Yes, we view delinquencies a bit differently internally than the accounting perspective. For our retail loan portfolio, we assess the percentage of the portfolio that hasn’t received a payment in 30 days. Since bringing this servicing in-house around 2012, we’ve reduced the delinquency rate from nearly 6% to about 1.3% in 2021. Our program and team are performing exceptionally well. While delinquency rates and problematic accounts have risen slightly, they remain significantly lower than the national average. Certain aspects of our retail financing contribute to this success, including our requirement for substantial down payments, which some competitors have relaxed to attract customers. We also refrain from financing many additional items, which can complicate loans without providing much return. Additionally, our retail finance program includes a holdback with dealers that gives us extra security. All these factors help maintain our outperformance, and we’re closely monitoring the situation. Notably, our reserves decreased in the first quarter for the retail finance segment, primarily because we’ve observed that for homes sold before COVID, we’ve sometimes collected more on repossessions than the outstanding principal balances. I feel confident about our team and the portfolio's performance; even if delinquency rates rise slightly, it wouldn’t be a cause for concern unless they approached 5% or 6%, which is still a level we are well below.

Speaker 6

Could we get an update on Bastrop and some of the other land parcels?

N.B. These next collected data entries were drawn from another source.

Lemma L1s_integral_lty (C : set (T -> R)) (X Z : T -> R) :
  measurable_fun setT X -> L1s P C X -> C Z -> is_density P Z ->
  \int[P]_x (Z x * `|X x|)%:E < +oo.
Proof.
move=> mX /fine_cvgP[sup_fin _] CZ [mZ Z0 Z1].
case: sup_fin => N _ /(_ N (leqnn N)) supN_fin.
pose tail x := (`|X x| * (if N%:R < `|X x| then 1 else 0))%R.
have mtail : measurable_fun setT tail.
  apply: measurable_funM; first exact: measurableT_comp.
  apply: measurable_fun_ifT => //; apply: measurable_fun_ltr => //.
  exact: measurableT_comp.
have tail0 x : (0 <= tail x)%R by rewrite mulr_ge0//; case: ifP.
have Ztail_lty : \int[P]_x (Z x * tail x)%:E < +oo.
  apply: (@le_lt_trans _ _ (ereal_sup [set \int[P]_x (Z' x * tail x)%:E | Z' in C])).
    by apply: ereal_sup_ubound; exists Z.
  by rewrite ltey_eq supN_fin.
have ZX_le x : (Z x * `|X x| <= N%:R * Z x + Z x * tail x)%R.
  rewrite /tail; case: ifPn => [_|]; first by rewrite mulr1 lerDr mulr_ge0.
  by rewrite -leNgt mulr0 mulr0 addr0 mulrC => /ler_wpM2r; apply.
apply: (@le_lt_trans _ _ (\int[P]_x ((N%:R * Z x)%:E + (Z x * tail x)%:E))).
  apply: ge0_le_integral => //.
  - by move=> x _; rewrite lee_fin mulr_ge0.
  - by apply/measurable_EFinP/measurable_funM => //; exact: measurableT_comp.
  - apply: emeasurable_funD; apply/measurable_EFinP; first exact: measurable_funM.
    exact: measurable_funM.
  - by move=> x _; rewrite -EFinD lee_fin.
rewrite ge0_integralD//.
- under eq_integral do rewrite EFinM.
  rewrite ge0_integralZl_EFin//; [|by move=> x _; rewrite lee_fin|exact/measurable_EFinP].
  have -> : \int[P]_x (Z x)%:E = 1 by exact Z1.
  by rewrite mule1 lte_add_pinfty// ltry.
- by move=> x _; rewrite lee_fin mulr_ge0.
- exact/measurable_EFinP/measurable_funM.
- by move=> x _; rewrite lee_fin mulr_ge0.
- exact/measurable_EFinP/measurable_funM.
Qed.

Lemma sub_determining_set (u : (T -> R) -> \bar R) (D0 : set (T -> R)) :
  (forall Z, D0 Z -> is_density P Z) ->
  (forall X, measurable_fun setT X -> u X = ereal_inf [set EQ P Z X | Z in D0]) ->
  D0 `<=` determining_set P u.
Proof.
move=> D0d uE Z D0Z; split=> [|X mX]; first exact: D0d.
by rewrite uE//; apply: ereal_inf_lbound; exists Z.
Qed.

Definition sigmaY_gen n (Y : 'I_n -> T -> R) : set (set T) :=
  [set A | exists i B, measurable B /\ A = Y i @^-1` B].

Lemma sigmaY_measurable n (Y : 'I_n -> T -> R) :
  (forall i, measurable_fun setT (Y i)) -> sigmaY Y `<=` measurable.
Proof.
move=> mY; apply: smallest_sub; first exact: sigma_algebra_measurable.
by move=> _ [i [B [mB ->]]]; rewrite -[_ @^-1` _]setTI; exact: mY.
Qed.

Lemma measurable_sigmaY n (Y : 'I_n -> T -> R) (V : T -> R) :
  (forall B, measurable B -> sigmaY Y (V @^-1` B)) ->
  measurable_fun setT (V : g_sigma_algebraType (sigmaY_gen Y) -> R).
Proof. by move=> mV _ B mB; rewrite setTI; exact: mV. Qed.

Lemma EQ_cond_exp n (Y : 'I_n -> T -> R) (X W Z W' : T -> R) :
  (forall i, measurable_fun setT (Y i)) -> cond_exp P Y X W ->
  is_density P Z -> is_density P W' -> cond_exp P Y Z W' ->
  \int[P]_x (W' x * `|X x|)%:E < +oo -> EQ P W' X = EQ P Z W.
Proof.
move=> mY [iX iW mW eWX] [mZ Z0 _] [_ W'0 _] [_ _ mW' eW'Z].
apply: (EQ_cond_equiv (sigmaY_measurable mY)) => //; exact: measurable_sigmaY.
Qed.

Lemma exists_cond_exp_density n (Y : 'I_n -> T -> R) (Z : T -> R) :
  (forall i, measurable_fun setT (Y i)) -> is_density P Z ->
  exists2 W', is_density P W' & cond_exp P Y Z W'.
Proof.
move=> mY dZ; have [_ Z0 Z1] := dZ.
have [W' [W'0 mW' eW'Z]] :=
  exists_cond_equiv (sigmaY_measurable mY) Z0 (integrable_density dZ).
have dW' : is_density P W'.
  split => //; first exact: measurable_fun_sigma_sub (sigmaY_measurable mY) _ mW'.
  by rewrite -Z1 -eW'Z//; exact: (@measurableT _ (g_sigma_algebraType (sigmaY_gen Y))).
exists W' => //; split => //; try exact: integrable_density.
by move=> B mB; have := mW' measurableT B mB; rewrite setTI.
Qed.

End utility.

Theorem theorem3p3 (d : measure_display) (T : measurableType d) (R : realType)
  (P : probability T R) (u : (T -> R) -> \bar R) (n : nat)
  (Y : 'I_n -> T -> R) :
  coherent_utility P u ->
  (forall i, measurable_fun setT (Y i)) ->
  forall X : T -> R, measurable_fun setT X ->
  L1s P (determining_set P u) X ->
  L1s P (cond_set P Y (determining_set P u)) X ->
  P.-integrable setT (EFin \o X) ->
  forall W : T -> R, cond_exp P Y X W ->
  factor_utility P u Y X = u W.
Proof.
move=> [D0 [_ D0d uE]] mY X mX _ L1C _ W cW.
have mW : measurable_fun setT W.
  by case: cW => _ /(measurable_int P)/measurable_EFinP.
have EQ_eq Z W' : determining_set P u Z -> cond_set P Y (determining_set P u) W' ->
    cond_exp P Y Z W' -> EQ P W' X = EQ P Z W.
  move=> [dZ _] cW' eW'Z; apply: EQ_cond_exp mY cW dZ cW'.1 eW'Z _.
  exact: L1s_integral_lty mX L1C cW' cW'.1.
rewrite /factor_utility (uE W mW); apply/eqP; rewrite eq_le; apply/andP; split.
- apply: le_ereal_inf_tmp => _ [Z D0Z <-].
  have DZ := sub_determining_set D0d uE D0Z.
  have [W' dW' eW'Z] := exists_cond_exp_density mY DZ.1.
  have cW' : cond_set P Y (determining_set P u) W' by split=> //; exists Z.
  by apply: ereal_inf_lbound; exists W' => //; exact: EQ_eq.
- apply: le_ereal_inf_tmp => _ [W' cW' <-]; have [_ [Z DZ eW'Z]] := cW'.
  by rewrite (EQ_eq Z W' DZ cW' eW'Z) -(uE W mW); exact: DZ.2.
Qed.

Yes. We hired an internal team. We've been working through the properties. Bastrop continues to progress. We're putting in the roads now Phase 1. We've got Phase 2 working as well. We've got a lot of utilities in there. We're building the water treatment plant. So there is a lot of focus on Bastrop. You'll see us continuing to invest capital there. Some of the other properties I talked about on either the last call or the call before, just working through where we are on those properties and ultimately determining the highest and best use for them and from a shareholders' standpoint. And so we've received some interesting proposals to sell certain properties or to partner on certain properties, and we're working through that now, and I think you'll start to see some movement during the second quarter on this.

Operator

At this time, I would like to turn the conference back over to Duncan Bates, CEO, for closing remarks.

I want to thank everybody for joining today's earnings call. We appreciate your interest in Legacy Housing. And if you have any questions on the quarter, feel free to give Jeff or me a call or shoot us an email. Thanks a lot. Bye.

Operator

This concludes today's conference call. Thank you for participating. You may now disconnect.